(* Let $M\in M_n(\mathbb{Z})$ and let $\mu$ be an integer such that $M$ is $\mu$-collapsed. Then $|\mu|\le\|M\|+\sqrt2$. If moreover no column vector of $M-\mu\,\mathrm{Id}$ equals a vector $E_{ij}=e_i-e_j$ with $i\neq j$, then $|\mu|\le\|M\|+1$.
   Context: For $M\in M_n(\mathbb{Z})$, $\mathrm{Im}(M)$ is the $\mathbb{Z}$-span of its columns; $M$ is spread if the quotient map $\mathbb{Z}^n\to\mathbb{Z}^n/\mathrm{Im}(M)$ is injective on the standard basis $\{e_1,\dots,e_n\}$, and $M$ is $\mu$-collapsed if $M-\mu\,\mathrm{Id}$ is not spread. $\|M\|$ denotes the operator norm $\max_{\|v\|=1}\|Mv\|$ with respect to the Euclidean norm. *)

From HB Require Import structures.
From mathcomp Require Import all_boot all_order all_algebra.
From mathcomp Require Import all_classical all_reals.
Set Implicit Arguments. Unset Strict Implicit. Unset Printing Implicit Defensive.
Import Order.TTheory GRing.Theory Num.Theory.
Local Open Scope ring_scope.
Local Open Scope classical_set_scope.

Definition inIm (n : nat) (M : 'M[int]_n) (v : 'cV[int]_n) : Prop :=
  exists x : 'cV[int]_n, M *m x = v.

Definition ebasis (n : nat) (i : 'I_n) : 'cV[int]_n := delta_mx i 0.

(* M is spread: the quotient map Z^n -> Z^n / Im(M) is injective on the
   standard basis, i.e. e_i = e_j mod Im(M) implies i = j. *)
Definition spread (n : nat) (M : 'M[int]_n) : Prop :=
  forall i j : 'I_n, inIm M (ebasis i - ebasis j) -> i = j.

Definition collapsed (n : nat) (M : 'M[int]_n) (mu : int) : Prop :=
  ~ spread (M - mu%:M).

Definition enorm (R : realType) (n : nat) (v : 'cV[R]_n) : R :=
  Num.sqrt (\sum_i (v i 0) ^+ 2).

Definition opnorm (R : realType) (n : nat) (M : 'M[R]_n) : R :=
  sup [set enorm (M *m v) | v in [set v : 'cV[R]_n | enorm v = 1]].

Definition mxZR (R : realType) (n : nat) (M : 'M[int]_n) : 'M[R]_n :=
  map_mx (fun z : int => z%:~R) M.

From mathcomp Require Import all_boot all_order all_algebra.
From mathcomp Require Import all_classical all_reals.
From mathcomp Require Import ring lra zify.
Set Implicit Arguments. Unset Strict Implicit. Unset Printing Implicit Defensive.
Import Order.TTheory GRing.Theory Num.Theory.
Local Open Scope ring_scope.

(* If (M - mu) x = e_i - e_j with x in Z^n, then M x = mu x + e_i - e_j, so
   |M x|^2 = mu^2 |x|^2 + 2 mu (x_i - x_j) + 2.  Since (x_i - x_j)^2 <= 2 |x|^2
   and |x|^2 is a positive integer (so either 1 or at least 2), this is at
   least (|mu| - 1)^2 |x|^2, whence ||M|| >= |M x| / |x| >= |mu| - 1.  This is
   the bound with 1 in place of sqrt 2, for every collapsed M. *)

Definition sqnorm (R : pzSemiRingType) (n : nat) (v : 'cV[R]_n) : R :=
  \sum_i v i 0 ^+ 2.

Lemma sqnorm_map (R S : pzSemiRingType) (f : {rmorphism R -> S}) n
    (v : 'cV[R]_n) :
  sqnorm (map_mx f v) = f (sqnorm v).
Proof.
by rewrite /sqnorm rmorph_sum; apply: eq_bigr => i _; rewrite mxE rmorphXn.
Qed.

Lemma sqnorm_split2 (R : pzSemiRingType) n (v : 'cV[R]_n) (i j : 'I_n) :
  i != j ->
  sqnorm v =
  v i 0 ^+ 2 + v j 0 ^+ 2 + \sum_(k | (k != i) && (k != j)) v k 0 ^+ 2.
Proof.
by move=> ij; rewrite /sqnorm (bigD1 i) //= (bigD1 j) 1?eq_sym //= addrA.
Qed.

Lemma sqnorm_scale_add_delta (R : comPzRingType) n (c : R) (x : 'cV[R]_n) i j :
  i != j ->
  sqnorm (c *: x + (delta_mx i 0 - delta_mx j 0)) =
  c ^+ 2 * sqnorm x + 2 * c * (x i 0 - x j 0) + 2.
Proof.
move=> ij; rewrite !(sqnorm_split2 _ ij) !mxE !eqxx /= !andbT.
rewrite (negbTE ij) eq_sym (negbTE ij).
under eq_bigr => k /andP [/negbTE ki /negbTE kj] do
  rewrite !mxE ki kj /= subr0 addr0 exprMn.
rewrite -mulr_sumr subr0 sub0r; ring.
Qed.

Section SqnormReal.
Variables (R : realDomainType) (n : nat).
Implicit Types x : 'cV[R]_n.

Lemma sqnorm_ge0 x : 0 <= sqnorm x.
Proof. by apply: sumr_ge0 => i _; exact: sqr_ge0. Qed.

Lemma sqnorm_eq0 x : (sqnorm x == 0) = (x == 0).
Proof.
apply/idP/eqP => [/eqP x0 | ->]; last first.
  by rewrite /sqnorm big1 // => i _; rewrite mxE expr0n.
apply/matrixP => i k; rewrite (ord1 k) mxE; apply/eqP; rewrite -sqrf_eq0.
by apply/eqP; apply: (psumr_eq0P (fun l _ => sqr_ge0 (x l 0)) x0).
Qed.

Lemma sqr_coord_le_sqnorm x i : x i 0 ^+ 2 <= sqnorm x.
Proof.
by rewrite /sqnorm (bigD1 i) //= lerDl; apply: sumr_ge0 => k _; exact: sqr_ge0.
Qed.

Lemma sqr_coordB_le_sqnorm x i j :
  i != j -> (x i 0 - x j 0) ^+ 2 <= 2 * sqnorm x.
Proof.
move=> ij; rewrite (sqnorm_split2 _ ij).
have rest0 : 0 <= \sum_(k | (k != i) && (k != j)) x k 0 ^+ 2.
  by apply: sumr_ge0 => k _; exact: sqr_ge0.
have := sqr_ge0 (x i 0 + x j 0); nra.
Qed.

End SqnormReal.

Lemma sqnorm_int_ge1 n (x : 'cV[int]_n) : x != 0 -> 1 <= sqnorm x.
Proof. by move=> x0; rewrite -gtz0_ge1 lt_def sqnorm_eq0 x0 sqnorm_ge0. Qed.

(* Used with m = |mu|, k = |x_i - x_j|, s = |x|^2.  Integrality is essential:
   over the reals it fails for 1 <= s < 2, k = sqrt (2 s) and m large. *)
Lemma sqr_subr1_mul_le_int (m k s : int) :
  1 <= m -> 0 <= k -> 1 <= s -> k ^+ 2 <= 2 * s ->
  (m - 1) ^+ 2 * s <= m ^+ 2 * s - 2 * (m * k) + 2.
Proof.
move=> m1 k0 s1 ks.
have [s_gt1|s_le1] := ltrP 1 s.
  have : 2 * k <= s + 2 by nia.
  nia.
have -> : s = 1 by lia.
have : k <= 1 by nia.
nia.
Qed.

Lemma not_spread_witness n (A : 'M[int]_n) : ~ spread A ->
  exists i j (x : 'cV[int]_n), i != j /\ A *m x = ebasis i - ebasis j.
Proof.
apply: contra_notP => nex i j [x Ax].
by case: (eqVneq i j) => // ij; case: nex; exists i, j, x.
Qed.

Lemma mulmx_eq_ebasisB_neq0 n (B : 'M[int]_n) (x : 'cV[int]_n) i j :
  i != j -> B *m x = ebasis i - ebasis j -> x != 0.
Proof.
move=> ij Bx; apply/eqP => x0; move/matrixP/(_ i 0): Bx.
by rewrite x0 mulmx0 !mxE !eqxx (negbTE ij) /= subr0.
Qed.

Lemma collapsed_sqnorm_ge n (A : 'M[int]_n) (mu : int) (x : 'cV[int]_n) i j :
  i != j -> (A - mu%:M) *m x = ebasis i - ebasis j -> 1 <= `|mu| ->
  (`|mu| - 1) ^+ 2 * sqnorm x <= sqnorm (A *m x).
Proof.
move=> ij Ax mu1; have x0 := mulmx_eq_ebasisB_neq0 ij Ax.
have -> : A *m x = mu *: x + (ebasis i - ebasis j).
  by rewrite -Ax mulmxBl mul_scalar_mx addrC subrK.
rewrite sqnorm_scale_add_delta //.
have coordB_sqr := sqr_coordB_le_sqnorm x ij.
rewrite -real_normK ?num_real // in coordB_sqr.
have := sqr_subr1_mul_le_int mu1 (normr_ge0 _) (sqnorm_int_ge1 x0) coordB_sqr.
have : - (mu * (x i 0 - x j 0)) <= `|mu| * `|x i 0 - x j 0|.
  by rewrite -normrM -normrN ler_norm.
rewrite -(real_normK (num_real mu)); lra.
Qed.

Section EuclideanNorm.
Variables (R : realType) (n : nat).
Implicit Types (v : 'cV[R]_n) (A : 'M[R]_n).

Lemma enorm_sqr v : enorm v ^+ 2 = sqnorm v.
Proof. exact/sqr_sqrtr/sqnorm_ge0. Qed.

Lemma enorm_ge0 v : 0 <= enorm v.
Proof. exact: sqrtr_ge0. Qed.

Lemma enormZ (c : R) v : enorm (c *: v) = `|c| * enorm v.
Proof.
rewrite /enorm; under eq_bigr do rewrite mxE exprMn.
by rewrite -mulr_sumr sqrtrM ?sqr_ge0 // sqrtr_sqr.
Qed.

Lemma has_ubound_opnorm A :
  has_ubound [set enorm (A *m v) | v in [set v | enorm v = 1]].
Proof.
exists (Num.sqrt (\sum_i (\sum_k `|A i k|) ^+ 2)) => _ [v /= v1 <-].
have coord_le1 k : `|v k 0| <= 1.
  rewrite -(expr_le1 (n := 2)) // real_normK ?num_real //.
  by rewrite -(expr1n _ 2) -v1 enorm_sqr sqr_coord_le_sqnorm.
rewrite /enorm ler_sqrt; last by apply: sumr_ge0 => i _; exact: sqr_ge0.
apply: ler_sum => i _.
rewrite -real_normK ?num_real // ler_pXn2r ?nnegrE //; last first.
  by apply: sumr_ge0 => k _; exact: normr_ge0.
rewrite mxE; apply: (le_trans (ler_norm_sum _ _ _)); apply: ler_sum => k _.
by rewrite normrM ler_piMr.
Qed.

Lemma enorm_mulmx_le A v : 0 < enorm v -> enorm (A *m v) <= opnorm A * enorm v.
Proof.
move=> v_gt0; rewrite -ler_pdivrMr //.
have -> : enorm (A *m v) / enorm v = enorm (A *m ((enorm v)^-1 *: v)).
  by rewrite -scalemxAr enormZ ger0_norm ?invr_ge0 ?ltW // mulrC.
apply: ub_le_sup; first exact: has_ubound_opnorm.
exists ((enorm v)^-1 *: v) => //=.
by rewrite enormZ ger0_norm ?invr_ge0 ?ltW // mulVf // gt_eqF.
Qed.

End EuclideanNorm.

Lemma opnorm_ge_collapsed (R : realType) n (A : 'M[int]_n) (mu : int) :
  collapsed A mu -> `|mu%:~R : R| - 1 <= opnorm (mxZR R A).
Proof.
case/not_spread_witness => i [j [x [ij Ax]]].
have x0 := mulmx_eq_ebasisB_neq0 ij Ax.
pose xr : 'cV[R]_n := map_mx intr x.
have xr_sqr : enorm xr ^+ 2 = (sqnorm x)%:~R by rewrite enorm_sqr sqnorm_map.
have Axr_sqr : enorm (mxZR R A *m xr) ^+ 2 = (sqnorm (A *m x))%:~R.
  by rewrite /mxZR -map_mxM enorm_sqr sqnorm_map.
have xr_gt0 : 0 < enorm xr.
  rewrite /enorm sqrtr_gt0 -/(sqnorm xr) -enorm_sqr xr_sqr ltr0z gtz0_ge1.
  exact: sqnorm_int_ge1.
have lower : (`|mu%:~R : R| - 1) * enorm xr <= enorm (mxZR R A *m xr).
  have [mu1|mu_lt1] := lerP 1 `|mu|; last first.
    apply: le_trans (enorm_ge0 _); rewrite pmulr_lle0 // subr_le0.
    by rewrite -intr_norm lerz1 ltW.
  have mu1R : 1 <= `|mu%:~R : R| by rewrite -intr_norm ler1z.
  suff : ((`|mu%:~R : R| - 1) * enorm xr) ^+ 2 <= enorm (mxZR R A *m xr) ^+ 2.
    have := enorm_ge0 (mxZR R A *m xr); have := enorm_ge0 xr; nra.
  rewrite exprMn xr_sqr Axr_sqr -intr_norm -[1]/(1%:~R).
  rewrite -rmorphB -rmorphXn -rmorphM ler_int.
  exact: collapsed_sqnorm_ge Ax mu1.
by rewrite -(ler_pM2r xr_gt0) (le_trans lower) // enorm_mulmx_le.
Qed.

Theorem proposition3p3 (R : realType) (n : nat) (M : 'M[int]_n) (mu : int) :
  collapsed M mu ->
  `|(mu%:~R : R)| <= opnorm (mxZR R M) + Num.sqrt 2 /\
  ((forall j i k : 'I_n, i != k ->
      col j (M - mu%:M) != ebasis i - ebasis k) ->
   `|(mu%:~R : R)| <= opnorm (mxZR R M) + 1).
Proof.
move=> Mmu.
have mu_le := opnorm_ge_collapsed R Mmu.
have sqrt2_ge1 : 1 <= Num.sqrt (2 : R) by rewrite -{1}sqrtr1 ler_sqrt // ler1n.
by split=> [|_]; lra.
Qed.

⁂

- **Task prompt**
Note every line in the material with "case" and copy it.

- **Exercise result**
by case: (eqVneq i j) => // ij; case: nex; exists i, j, x.
case/not_spread_witness => i [j [x [ij Ax]]].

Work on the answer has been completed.